The union also criticised the way the Cass Review had been implemented, including delays in setting up new NHS services.

Prof Strain said the government’s decision to ban puberty blockers was an “overreach”.



He said: “We are continuing to oppose a ban on puberty blockers for several reasons, not least because it is a threat to the autonomy of a doctor.

“We spend decades training on how to use drugs, and to have a political decision affecting the way we prescribe is wrong.”

He said “appropriately trained specialists” working within new NHS gender clinics should still be able to prescribe puberty blockers and gender-affirming hormones within a research framework.

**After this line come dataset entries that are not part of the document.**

(* Let $\mathcal{A},\mathcal{B},\mathcal{D},\mathcal{H},\tau,\mathcal{V}>0$ with $\mathcal{A}>2\mathcal{B}(\mathcal{H}+\sqrt{1+\mathcal{H}^2})$, and let $\mathbf{W}^\ast=(U^\ast,V^\ast,S^\ast,0)$ be any spatially homogeneous steady state of (S) with $V^\ast>0$ and $\mathcal{H}V^\ast<1$ (in particular the state $\mathbf{W}_R^\ast$ with $V^\ast=V_R=\frac{\mathcal{A}+\sqrt{\mathcal{A}^2-4\mathcal{B}(\mathcal{B}+\mathcal{A}\mathcal{H})}}{2(\mathcal{B}+\mathcal{A}\mathcal{H})}$ when $\mathcal{H}V_R<1$). Then for no real wavenumber $k\neq0$ does the dispersion relation $\det(\omega I+\mathrm{i}kM-\mathcal{L}^\ast)=0$ admit the root $\omega=0$. In other words, (S) admits no Turing (stationary) instability at such a steady state.
   Context: The dimensionless model (S): $U_t-\mathcal{V}U_x=\mathcal{A}-U-UV^2$, $V_t+J_x=UV^2-\mathcal{B}V-\mathcal{H}SV$, $\mathcal{D}S_t=\mathcal{B}V+\mathcal{H}SV-S$, $\tau J_t+V_x=-J$. Written as $\mathbf{W}_t+M\mathbf{W}_x=\mathbf{N}(\mathbf{W})$ with $\mathbf{W}=(U,V,S,J)^T$, $\mathbf{N}=(\mathcal{A}-U-UV^2,\ UV^2-\mathcal{B}V-\mathcal{H}SV,\ (\mathcal{B}V+\mathcal{H}SV-S)/\mathcal{D},\ -J/\tau)^T$ and $M$ the $4\times4$ matrix with entries $M_{11}=-\mathcal{V}$, $M_{24}=1$, $M_{42}=1/\tau$ and all other entries zero. $\mathcal{L}^\ast$ is the Jacobian of $\mathbf{N}$ at $\mathbf{W}^\ast$, and $I$ the $4\times4$ identity. Homogeneous steady states with $V^\ast>0$ satisfy $U^\ast=\mathcal{B}/(V^\ast(1-\mathcal{H}V^\ast))$, $S^\ast=\mathcal{B}V^\ast/(1-\mathcal{H}V^\ast)$. *)

From HB Require Import structures.
From mathcomp Require Import all_boot all_order all_algebra.
From mathcomp Require Import complex.
Set Implicit Arguments. Unset Strict Implicit. Unset Printing Implicit Defensive.
Import Order.TTheory GRing.Theory Num.Theory.
Local Open Scope ring_scope.

(* Model (S) written as W_t + M W_x = N(W), W = (U,V,S,J)^T (indices 0..3). *)

Definition Nvec (R : fieldType) (A B D H tau U V S J : R) : 'cV[R]_4 :=
  \col_(i < 4)
    match nat_of_ord i with
    | 0%N => A - U - U * V ^+ 2
    | 1%N => U * V ^+ 2 - B * V - H * S * V
    | 2%N => (B * V + H * S * V - S) / D
    | _ => - J / tau
    end.

Definition Mmat (R : fieldType) (Vc tau : R) : 'M[R]_4 :=
  \matrix_(i < 4, j < 4)
    match nat_of_ord i, nat_of_ord j with
    | 0%N, 0%N => - Vc
    | 1%N, 3%N => 1
    | 3%N, 1%N => tau^-1
    | _, _ => 0
    end.

(* L* : the Jacobian matrix of N (w.r.t. (U,V,S,J)) at (U,V,S,J),
   written out entrywise (N is polynomial). *)
Definition Lstar (R : fieldType) (A B D H tau U V S J : R) : 'M[R]_4 :=
  \matrix_(i < 4, j < 4)
    match nat_of_ord i, nat_of_ord j with
    | 0%N, 0%N => - 1 - V ^+ 2
    | 0%N, 1%N => - (2 * U * V)
    | 1%N, 0%N => V ^+ 2
    | 1%N, 1%N => 2 * U * V - B - H * S
    | 1%N, 2%N => - (H * V)
    | 2%N, 1%N => (B + H * S) / D
    | 2%N, 2%N => (H * V - 1) / D
    | 3%N, 3%N => - tau^-1
    | _, _ => 0
    end.

Definition dispersion_matrix (R : rcfType)
    (A B D H tau Vc U V S J : R) (omega : R[i]) (k : R) : 'M[R[i]]_4 :=
  omega%:M + ((Complex 0 1) * (real_complex R k)) *: map_mx (real_complex R) (Mmat Vc tau)
  - map_mx (real_complex R) (Lstar A B D H tau U V S J).

From HB Require Import structures.
From mathcomp Require Import all_boot all_order all_algebra.
From mathcomp Require Import complex ring.
Set Implicit Arguments. Unset Strict Implicit. Unset Printing Implicit Defensive.
Import Order.TTheory GRing.Theory Num.Theory.
Local Open Scope ring_scope.

(* At omega = 0 the dispersion determinant equals
   ((1 + V^2 - i k Vc) X + 2 U V^3 (1 - H V) / D) / tau, where X is the determinant
   of the (V, S) block of -L* with k^2 added to its V-diagonal entry.  Its imaginary
   part vanishes only if X = 0, and then its real part is 2 U V^3 (1 - H V) / (D tau),
   which is positive because the steady state gives U (1 + V^2) = A > 0. *)

Lemma det_mx33 (R : comNzRingType) (M : 'M[R]_3) :
  \det M = M 0 0 * (M 1 1 * M 2 2 - M 1 2 * M 2 1)
         - M 0 1 * (M 1 0 * M 2 2 - M 1 2 * M 2 0)
         + M 0 2 * (M 1 0 * M 2 1 - M 1 1 * M 2 0).
Proof.
(* Reindexing by nat makes the ordinals produced by expand_det_row comparable. *)
pose F i j := M (inord i) (inord j).
have ME i j : M i j = F i j by rewrite /F !inord_val.
rewrite !ME /= (expand_det_row _ 0) !big_ord_recl big_ord0 /cofactor.
rewrite !(expand_det_row _ 0) !big_ord_recl !big_ord0 /cofactor !det_mx11 !mxE !ME.
by rewrite /= /bump /=; clearbody F; ring.
Qed.

Lemma det_mx44_sparse (R : comNzRingType) (M : 'M[R]_4) :
  M 0 2 = 0 -> M 0 3 = 0 -> M 2 0 = 0 -> M 2 3 = 0 -> M 3 0 = 0 -> M 3 2 = 0 ->
  \det M = M 0 0 * (M 1 1 * M 2 2 * M 3 3 - M 1 2 * M 2 1 * M 3 3
                    - M 1 3 * M 2 2 * M 3 1)
           - M 0 1 * M 1 0 * M 2 2 * M 3 3.
Proof.
pose F i j := M (inord i) (inord j).
have ME i j : M i j = F i j by rewrite /F !inord_val.
rewrite !ME /= => h02 h03 h20 h23 h30 h32.
rewrite (expand_det_row _ 0) !big_ord_recl big_ord0 /cofactor !det_mx33 !mxE !ME.
rewrite /= /bump /= h02 h03 h20 h23 h30 h32.
by clearbody F; ring.
Qed.

Definition turing_factor (R : fieldType) (B D H U V S k : R) : R :=
  ((k ^+ 2 + B + H * S - 2 * U * V) * (1 - H * V) + H * V * (B + H * S)) / D.

Lemma det_dispersion_stationary (R : rcfType) (A B D H tau Vc U V S J k : R) :
  let X := turing_factor B D H U V S k in
  \det (dispersion_matrix A B D H tau Vc U V S J 0 k) =
    Complex (((1 + V ^+ 2) * X + 2 * U * V ^+ 3 * (1 - H * V) / D) / tau)
            (- (k * Vc * X) / tau).
Proof.
rewrite det_mx44_sparse /dispersion_matrix !mxE /= ?mul0rn ?add0r ?rmorph0 ?mulr0 ?subr0 //.
rewrite -!complexr0; simpc.
by congr Complex; rewrite /turing_factor; ring.
Qed.

Lemma steady_state_U_gt0 (R : realFieldType) (A B D H tau U V S J : R) :
  0 < A -> Nvec A B D H tau U V S J = 0 -> 0 < U.
Proof.
move=> hA /(congr1 (fun W : 'cV[R]_4 => W 0 0)); rewrite !mxE /= => hN.
have hU : U * (1 + V ^+ 2) = A by rewrite -[RHS]subr0 -hN; ring.
by rewrite -(pmulr_lgt0 _ (ltr_pwDl ltr01 (sqr_ge0 V))) hU.
Qed.

Theorem mainTheorem7 (R : rcfType) (A B D H tau Vc : R)
  (hA : 0 < A) (hB : 0 < B) (hD : 0 < D) (hH : 0 < H) (htau : 0 < tau) (hVc : 0 < Vc)
  (hcond : A > 2 * B * (H + Num.sqrt (1 + H ^+ 2)))
  (Us Vs Ss : R)
  (hsteady : Nvec A B D H tau Us Vs Ss 0 = 0)
  (hVpos : 0 < Vs) (hHV : H * Vs < 1) :
  forall k : R, k != 0 ->
    \det (dispersion_matrix A B D H tau Vc Us Vs Ss 0 0 k) != 0.
Proof.
move=> k hk; rewrite det_dispersion_stationary.
set X := turing_factor B D H Us Vs Ss k.
apply/eqP => -[hre him].
have hX : X = 0.
  move/eqP: him; rewrite mulNr oppr_eq0 mulf_eq0 invr_eq0 (gt_eqF htau) orbF.
  by rewrite mulf_eq0 (negbTE (mulf_neq0 hk (lt0r_neq0 hVc))) => /eqP.
have hU := steady_state_U_gt0 hA hsteady.
have : 0 < 2 * Us * Vs ^+ 3 * (1 - H * Vs) / D / tau.
  apply: divr_gt0 => //; apply: divr_gt0 => //; rewrite mulr_gt0 ?subr_gt0 //.
  by rewrite !mulr_gt0 // exprn_gt0.
by rewrite hX mulr0 add0r in hre; rewrite hre ltxx.
Qed.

But he added: “We are not advocating that these drugs [puberty blockers] should be freely available.”


The BMA report reveals divisions within the union over puberty blockers.

A 12-member “task and finish group” spent almost two years examining the Cass findings.

According to the report, four members supported restrictions on puberty blockers because of their “known and plausible harms”.

Six supported continued NHS access and argued the Cass Review may “over-emphasis potential harms and under-represent reported benefits”.


Two members were neutral.

The report also includes criticism from some contributors to the Cass Review process, with concerns that transgender advocacy groups were engaged too late and that some participants did not feel fully represented in the final conclusions.

The publication of the BMA report is likely to reignite arguments over the treatment of children experiencing gender distress.